AFGHAN President Hamid Karzai yesterday condemned a US-led coalition air strike his government says killed dozens of civilians, most of them women and children.
An Afghan human rights group said that at least 88 people, including 20 women, were killed in a joint operation in the west of the country.
Karzai, lamenting that his efforts to get the US and Nato to prevent civilian casualties had not been succe
ssful, said that the Afghan government would announce "necessary measures" to prevent civilian deaths. He provided no details.
Meanwhile, an Afghan school principal and a police official said Afghan army troops tried to hand out food and clothes to Afghans in Azizabad – the village in the Shindand district of Herat province where the operation took place on Thursday – but villagers started throwing stones at the soldiers, who then fired on the Afghans, wounding up to eight.
US coalition spokeswoman Rumi Nielson-Green said Thursday's operation was led by Afghan National Army commandos, with support from the coalition.
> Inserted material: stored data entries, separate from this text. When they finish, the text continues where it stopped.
(* Assume the hypotheses of the one-step error recursion hold, and let $\Upsilon_C>0$, $\rho\in(0,1)$ be constants such that for every $i\in[1,T]$ with $(\tilde z_i^0,\tilde\lambda_i^0)\in\mathcal N_\epsilon(\tilde z_i^\star,\tilde\lambda_i^\star)$ the recursion $$\Psi^1_{k,i}\le\Upsilon_C\Big(\sum_{j=n_1(i)}^{n_2(i)}\rho^{|k-j|}(\Psi^0_{j,i})^2+\rho^{k-n_1(i)}\|x^0_{n_1(i),i}-x^\star_{n_1(i)}\|+\rho^{n_2(i)-k}\epsilon\Big),\quad k\in[n_1(i),n_2(i)],$$ holds. Suppose $L$ and $\epsilon$ satisfy $$\rho^L\le\epsilon\le\frac{1-\rho}{16\Upsilon_C(1+\rho)}.$$ Then for every $i\in[1,T-1]$: if $(\tilde z_i^0,\tilde\lambda_i^0)\in\mathcal N_\epsilon(\tilde z_i^\star,\tilde\lambda_i^\star)$, then $(\tilde z_{i+1}^0,\tilde\lambda_{i+1}^0)\in\mathcal N_\epsilon(\tilde z_{i+1}^\star,\tilde\lambda_{i+1}^\star)$.
   Context: Notation: $[k]=\{0,1,\dots,k\}$; for integers $k_1<k_2$, $[k_1,k_2]$, $[k_1,k_2)$, $(k_1,k_2]$ denote the corresponding sets of integers; $a\vee b=\max(a,b)$, $a\wedge b=\min(a,b)$. Full-horizon problem $\mathcal P_{0:N}(d)$: minimize $\sum_{k=0}^{N-1}g_k(x_k,u_k;d_k)+g_N(x_N)$ over $x_k\in\mathbb R^{n_x}$, $u_k\in\mathbb R^{n_u}$ subject to $x_{k+1}=f_k(x_k,u_k;d_k)$, $k\in[N-1]$, $x_0=\bar x_0$; $g_k,f_k,g_N$ twice continuously differentiable. Write $z_k=(x_k;u_k)$ ($k<N$), $z_N=x_N$, multipliers $\lambda=(\lambda_{-1};\dots;\lambda_{N-1})$, stage Lagrangians $\mathcal L_k=g_k(z_k;d_k)+\lambda_{k-1}^Tx_k-\lambda_k^Tf_k(z_k;d_k)$. $(z^\star,\lambda^\star)$ is a fixed KKT solution of $\mathcal P_{0:N}(d)$. ''The hypotheses of the one-step error recursion'' are: (a) Uniform SOSC in the $M$-neighborhood: reduced Hessian of the full problem $\succeq\gamma_H I$ at every point agreeing with $(z^\star,\lambda^\star)$ outside a window of $M+1$ consecutive stages and within $\epsilon$ (componentwise in $x_k,u_k,\lambda_k$) inside it; (b) controllability: for each $k\in[N-t]$ some $t_k\in[1,t]$ with $\Xi_{k,t_k}\Xi_{k,t_k}^T\succeq\gamma_C I$ at all points within $\epsilon$ of $z^\star$, where $\Xi_{k,s}=(B_{k+s-1},A_{k+s-1}B_{k+s-2},\dots,A_{k+s-1}\cdots A_{k+1}B_k)$, $A_k,B_k$ the Jacobians of $f_k$; (c) $\|A_k\|,\|B_k\|,\|H_k\|,\|\nabla^2 g_N\|\le\Upsilon$ (with $\Upsilon\ge2+\sqrt2$) within $\epsilon$ of the solution, $H_k$ the Hessian of $\mathcal L_k$ in $(x_k,u_k)$; (d) $H_k$ and $\nabla f_k$ are $\Upsilon_L$-Lipschitz within $\epsilon$ of the solution; (e) $\mu\ge16\Upsilon(\Upsilon^{6t}-\Upsilon^{4t})/\gamma_C^2$. All constants are independent of $N$. Receding horizons: integers $L\ge1$, $M=SL$ with $S>2$ an integer, $N\ge M$; $T=\lceil(N-M)/L\rceil+1$; $n_1(i)=(i-1)L$, $n_2(i)=(n_1(i)+M)\wedge N$ for $i\in[1,T]$. A fixed guess $(z^0,\lambda^0)$ with $\|x_k^0-x_k^\star\|\vee\|u_k^0-u_k^\star\|\vee\|\lambda_k^0-\lambda_k^\star\|\le\epsilon$ for all $k$ and $x_0^0=\bar x_0$ is given. Subproblem $i$: minimize over $x_{n_1(i):n_2(i)},u_{n_1(i):n_2(i)-1}$ the cost $\sum_{k=n_1(i)}^{n_2(i)-1}g_k(z_k;d_k)+\Phi_i(x_{n_2(i)})$ subject to $x_{k+1}=f_k(z_k;d_k)$, $k\in[n_1(i),n_2(i)-1]$, $x_{n_1(i)}=\bar x_{n_1(i)}$, where for $i<T$, $\Phi_i(x)=g_{n_2(i)}(x,u^0_{n_2(i)};d_{n_2(i)})-(\lambda^0_{n_2(i)})^Tf_{n_2(i)}(x,u^0_{n_2(i)};d_{n_2(i)})+\frac\mu2\|x-x^0_{n_2(i)}\|^2$, and $\Phi_T=g_N$. Its Lagrangian is $\mathcal L^i=\sum_{k=n_1(i)}^{n_2(i)-1}\mathcal L_k+\Phi_i(x_{n_2(i)})+\lambda_{n_2(i)-1}^Tx_{n_2(i)}-\lambda_{n_1(i)-1}^T\bar x_{n_1(i)}$ in $\tilde z_i=(z_{n_1(i)};\dots;z_{n_2(i)-1};x_{n_2(i)})$, $\tilde\lambda_i=\lambda_{n_1(i)-1:n_2(i)-1}$, with KKT matrix $K^i$. Truncated solution $\tilde z_i^\star=(z^\star_{n_1(i):n_2(i)-1};x^\star_{n_2(i)})$, $\tilde\lambda_i^\star=\lambda^\star_{n_1(i)-1:n_2(i)-1}$; $(\tilde z_i,\tilde\lambda_i)\in\mathcal N_\epsilon(\tilde z_i^\star,\tilde\lambda_i^\star)$ means $\|x_k-x_k^\star\|\vee\|u_k-u_k^\star\|\vee\|\lambda_k-\lambda_k^\star\|\le\epsilon$ for $k\in[n_1(i),n_2(i)-1]$ and $\|x_{n_2(i)}-x^\star_{n_2(i)}\|\le\epsilon$. Algorithm 1 (one Newton step per horizon): iterates $(z^0_{k,i},\lambda^0_{k,i})$ (input to subproblem $i$) and $(z^1_{k,i},\lambda^1_{k,i})$ (output), with $z_{n_2(i),i}=x_{n_2(i),i}$. For $i=1$: $z^0_{k,1}=z^0_k$ for $k\in[0,M-1]$, $x^0_{M,1}=x^0_M$, $\lambda^0_{k,1}=\lambda^0_k$ for $k\in[-1,M-1]$. For $i\ge2$: $\bar x_{n_1(i)}=x^1_{n_1(i),i-1}$; $(z^0_{k,i},\lambda^0_{k,i})=(z^1_{k,i-1},\lambda^1_{k,i-1})$ for $k\in[n_1(i),n_2(i)-2L]$; $(z^0_{k,i},\lambda^0_{k,i})=(z^0_k,\lambda^0_k)$ for $k\in(n_2(i)-2L,n_2(i)-1]$; $x^0_{n_2(i),i}=x^0_{n_2(i)}$; $\lambda^0_{n_1(i)-1,i}=\lambda^1_{n_1(i)-1,i-1}$. Then $(\tilde z_i^1,\tilde\lambda_i^1)=(\tilde z_i^0,\tilde\lambda_i^0)+\Delta$ with $K^i(\tilde z_i^0,\tilde\lambda_i^0;\tilde d_i)\Delta=-\nabla\mathcal L^i(\tilde z_i^0,\tilde\lambda_i^0;\tilde d_i)$. Note $x^0_{n_1(i),i}=\bar x_{n_1(i)}$. Errors: $\Psi^{\mathrm{Id}}_{k,i}=\|(z^{\mathrm{Id}}_{k,i}-z^\star_k;\lambda^{\mathrm{Id}}_{k,i}-\lambda^\star_k)\|$ for $k\in[n_1(i),n_2(i)-1]$ and $\Psi^{\mathrm{Id}}_{n_2(i),i}=\|x^{\mathrm{Id}}_{n_2(i),i}-x^\star_{n_2(i)}\|$, $\mathrm{Id}\in\{0,1\}$. *)

(* abstract real closed field R (Euclidean norm needs sqrt). *)
From HB Require Import structures.
From mathcomp Require Import all_boot all_order all_algebra.
Set Implicit Arguments. Unset Strict Implicit. Unset Printing Implicit Defensive.
Import Order.TTheory GRing.Theory Num.Theory.
Local Open Scope ring_scope.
Originally the coalition said the battle killed 30 militants, but Nielson-Green said five civilians – two women and three children connected to the militants – were among the dead.
Ahmad Nader Nadery, commissioner of the Afghan Independent Human Rights Commission, said one of the group's researchers visited Azizabad on Friday and found that 88 people had been killed and 25 houses had been damaged, including 15 that were destroyed.
He did not provide a breakdown of how many were civilians or militants.
The interior ministry has said that 76 civilians were killed, including 50 children under the age of 15. Karzai's office said at least 70 civilians died.
But the Afghan ministry of defence said 25 militants and five civilians were killed.
The US coalition said it would investigate the claims of civilian deaths.
"Obviously there are allegations and a disconnect here. The sooner we can get that cleared up and get it official the better off we'll all be," said US coalition spokesman First Lieutenant Nathan Perry. "We had people on the ground."
Ghulam Azrat, director of the middle school in Azizabad, said he collected 60 bodies on Friday morning after the bombing.
"We put the bodies in the main mosque," he said, pausing to collect himself in between tears. "Most of these dead bodies were children and women. It took all morning to collect them."
Azrat said villagers threw stones at Afghan soldiers who tried to give food and clothes to the villagers yesterday. He said the soldiers fired into the crowd and wounded eight people, including one child critically.
"The people were very angry," he said. "They told the soldiers, 'We don't need your food, we don't need your clothes. We want our children, we want our relatives. Can you give it to us? You cannot, so go away.'"
A spokesman for Afghan police in western Afghanistan, Rauf Ahmadi, confirmed that the demonstration took place, but said the soldiers fired into the air. He said two Afghans were wounded by the gunfire.
The differing death tolls for Thursday's airstrikes were impossible to verify because of the remote and dangerous location of the battle site.
Complicating the matter, Afghan officials have been accused of exaggerating civilian death claims for political payback, to qualify for more compensation money from the US or because of pressure from the Taliban.
The operation was launched after an intelligence report that a Taliban commander, Mullah Siddiq, was inside a compound presiding over a meeting of militants, Azimi said. Siddiq was one of those killed during the raid, Azimi said.
More than 3,400 people – mostly militants – have been killed in insurgency-related violence this year, according to figures from Western and Afghan officials.